Dáár in zijn boudoir is al bedekt met honderd lagen, ogenschijnlijk sober, verhult een schat van kennen en weten, zien en kijken. Ik jengel in de snoepwinkel, dagelijks geëtaleerd en vraag me af: wat doe ik hier? Ik word getolereerd - ik denk - als een stuk meubel, af en toe geveegd, een doek met woorden, die ik grijp en vastklamp tot hij nog eens zitten gaat. Van duizend boeken slaat hij om de pages, ik ren schuchter achterna, met al te korte benen. En hoop. (ww. en zn.)

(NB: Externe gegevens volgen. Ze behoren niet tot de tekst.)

(* For every finite multiset $\Gamma$ of formulas and every formula $\varphi$: if the sequent $\Gamma\Rightarrow\varphi$ is provable in $\mathsf{G4iSLt}$, then $\Gamma\models\varphi$, i.e. for every Kripke model $\mathcal M$ for $\mathsf{iSL}$ and every world $w$ of $\mathcal M$, if $\mathcal M,w\Vdash\psi$ for all $\psi\in\Gamma$ then $\mathcal M,w\Vdash\varphi$.
   Context: Formulas are built by the grammar $\varphi ::= p \mid \bot \mid \varphi\land\varphi \mid \varphi\lor\varphi \mid \varphi\to\varphi \mid \Box\varphi$, with $p$ ranging over a countably infinite set $\mathbb V$ of propositional variables. For a multiset $\Gamma$, $\Box\Gamma=\{\Box\psi:\psi\in\Gamma\}$; a boxed formula is one of the form $\Box\psi$. A Kripke model for $\mathsf{iSL}$ is a tuple $(W,\leq,R,I)$ with $W$ a non-empty set, $\leq,R\subseteq W\times W$, and $I:\mathbb V\to\mathcal P(W)$, such that: $\leq$ is reflexive and transitive; $R$ is transitive and converse well-founded (no infinite chain $w_0Rw_1Rw_2R\cdots$); $(\leq\circ R)\subseteq R$ (i.e. $w\leq u$ and $uRv$ imply $wRv$); $R\subseteq\ \leq$; and for all $p$, if $w\leq v$ and $w\in I(p)$ then $v\in I(p)$. Forcing: $w\Vdash p$ iff $w\in I(p)$; $w\Vdash\bot$ never; $w\Vdash\varphi\land\psi$ iff both; $w\Vdash\varphi\lor\psi$ iff at least one; $w\Vdash\varphi\to\psi$ iff for all $v\geq w$, $v\Vdash\varphi$ implies $v\Vdash\psi$; $w\Vdash\Box\varphi$ iff for all $v$ with $wRv$, $v\Vdash\varphi$. A sequent is $\Gamma\Rightarrow\chi$ with $\Gamma$ a finite multiset of formulas and $\chi$ a formula. The sequent calculus $\mathsf{G4iSLt}$ has the following rules, where $p$ is a propositional variable and $\Phi$ always denotes a multiset containing no boxed formula: (⊥L) $\bot,\Gamma\Rightarrow\chi$ (no premise); (IdP) $\Gamma,p\Rightarrow p$ (no premise); (∧L) from $\Gamma,\varphi,\psi\Rightarrow\chi$ infer $\Gamma,\varphi\land\psi\Rightarrow\chi$; (∧R) from $\Gamma\Rightarrow\varphi$ and $\Gamma\Rightarrow\psi$ infer $\Gamma\Rightarrow\varphi\land\psi$; (∨L) from $\Gamma,\varphi\Rightarrow\chi$ and $\Gamma,\psi\Rightarrow\chi$ infer $\Gamma,\varphi\lor\psi\Rightarrow\chi$; (∨R$_i$), $i\in\{1,2\}$: from $\Gamma\Rightarrow\varphi_i$ infer $\Gamma\Rightarrow\varphi_1\lor\varphi_2$; (p→L) from $\Gamma,p,\varphi\Rightarrow\chi$ infer $\Gamma,p,p\to\varphi\Rightarrow\chi$; (→R) from $\Gamma,\varphi\Rightarrow\psi$ infer $\Gamma\Rightarrow\varphi\to\psi$; (□→L) from $\Phi,\Gamma,\psi,\Box\varphi\Rightarrow\varphi$ and $\Phi,\Box\Gamma,\psi\Rightarrow\chi$ infer $\Phi,\Box\Gamma,\Box\varphi\to\psi\Rightarrow\chi$; (SLtR) from $\Phi,\Gamma,\Box\varphi\Rightarrow\varphi$ infer $\Phi,\Box\Gamma\Rightarrow\Box\varphi$; (∧→L) from $\Gamma,\varphi\to(\psi\to\chi)\Rightarrow\delta$ infer $\Gamma,(\varphi\land\psi)\to\chi\Rightarrow\delta$; (∨→L) from $\Gamma,\varphi\to\chi,\psi\to\chi\Rightarrow\delta$ infer $\Gamma,(\varphi\lor\psi)\to\chi\Rightarrow\delta$; (→→L) from $\Gamma,\psi\to\chi\Rightarrow\varphi\to\psi$ and $\Gamma,\chi\Rightarrow\delta$ infer $\Gamma,(\varphi\to\psi)\to\chi\Rightarrow\delta$. A proof of a sequent $S$ is a finite tree of sequents with root $S$ in which each interior node together with its children forms an instance of a rule (conclusion, premises) and each leaf is the conclusion of a premise-free rule; $S$ is provable if it has a proof. *)

From Stdlib Require Import List Permutation.
Import ListNotations.

Inductive form : Type :=
| Var : nat -> form
| Bot : form
| And : form -> form -> form
| Or  : form -> form -> form
| Imp : form -> form -> form
| Box : form -> form.

Definition is_boxed (A : form) : Prop :=
  match A with Box _ => True | _ => False end.

Definition no_boxed (Phi : list form) : Prop := forall A, In A Phi -> ~ is_boxed A.

Definition boxes (G : list form) : list form := map Box G.

(* A sequent Γ ⇒ χ has Γ a finite multiset, represented by a list;
   every rule may be applied to any list that is a permutation of the displayed
   context, so derivability only depends on the multiset. *)
Inductive G4iSLt : list form -> form -> Prop :=
| BotL : forall D G chi, Permutation D (Bot :: G) -> G4iSLt D chi
| IdP : forall D G p, Permutation D (Var p :: G) -> G4iSLt D (Var p)
| AndL : forall D G a b chi, Permutation D (And a b :: G) ->
    G4iSLt (a :: b :: G) chi -> G4iSLt D chi
| AndR : forall G a b, G4iSLt G a -> G4iSLt G b -> G4iSLt G (And a b)
| OrL : forall D G a b chi, Permutation D (Or a b :: G) ->
    G4iSLt (a :: G) chi -> G4iSLt (b :: G) chi -> G4iSLt D chi
| OrR1 : forall G a b, G4iSLt G a -> G4iSLt G (Or a b)
| OrR2 : forall G a b, G4iSLt G b -> G4iSLt G (Or a b)
| PImpL : forall D G p a chi, Permutation D (Var p :: Imp (Var p) a :: G) ->
    G4iSLt (Var p :: a :: G) chi -> G4iSLt D chi
| ImpR : forall G a b, G4iSLt (a :: G) b -> G4iSLt G (Imp a b)
| BoxImpL : forall D Phi G a b chi, no_boxed Phi ->
    Permutation D (Phi ++ boxes G ++ [Imp (Box a) b]) ->
    G4iSLt (Phi ++ G ++ [b; Box a]) a ->
    G4iSLt (Phi ++ boxes G ++ [b]) chi ->
    G4iSLt D chi
| SLtR : forall D Phi G a, no_boxed Phi ->
    Permutation D (Phi ++ boxes G) ->
    G4iSLt (Phi ++ G ++ [Box a]) a ->
    G4iSLt D (Box a)
| AndImpL : forall D G a b c d, Permutation D (Imp (And a b) c :: G) ->
    G4iSLt (Imp a (Imp b c) :: G) d -> G4iSLt D d
| OrImpL : forall D G a b c d, Permutation D (Imp (Or a b) c :: G) ->
    G4iSLt (Imp a c :: Imp b c :: G) d -> G4iSLt D d
| ImpImpL : forall D G a b c d, Permutation D (Imp (Imp a b) c :: G) ->
    G4iSLt (Imp b c :: G) (Imp a b) -> G4iSLt (c :: G) d -> G4iSLt D d.

Record kmodel : Type := {
  W : Type;
  W_inh : inhabited W;
  le : W -> W -> Prop;
  R : W -> W -> Prop;
  I : nat -> W -> Prop;
  le_refl : forall w, le w w;
  le_trans : forall u v w, le u v -> le v w -> le u w;
  R_trans : forall u v w, R u v -> R v w -> R u w;
  R_cwf : ~ exists f : nat -> W, forall n, R (f n) (f (S n));
  le_R : forall w u v, le w u -> R u v -> R w v;
  R_le : forall w v, R w v -> le w v;
  I_mono : forall p w v, le w v -> I p w -> I p v
}.

Fixpoint forces (M : kmodel) (w : W M) (A : form) : Prop :=
  match A with
  | Var p => I M p w
  | Bot => False
  | And a b => forces M w a /\ forces M w b
  | Or a b => forces M w a \/ forces M w b
  | Imp a b => forall v, le M w v -> forces M v a -> forces M v b
  | Box a => forall v, R M w v -> forces M v a
  end.

Definition entails (G : list form) (A : form) : Prop :=
  forall (M : kmodel) (w : W M), (forall B, In B G -> forces M w B) -> forces M w A.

Maar elke nacht tussen waak en droom het kort moment van kans, grijp ik in de achtertuin en speel. Hij warmt er even, gloeit sigaar en blijft. Staat, kijkt de sterren achterna. Waar hij aan denkt, geen idee, het moment gegrepen bij zijn nek, zijn haar, zijn baard en glijdt nu hij nog warmte heeft, mijn lippen bijten en in het rauwe vlees begraaf ik tong en vingers. Warm oh warm hoe vreemd de nacht waarin ik houd. Van.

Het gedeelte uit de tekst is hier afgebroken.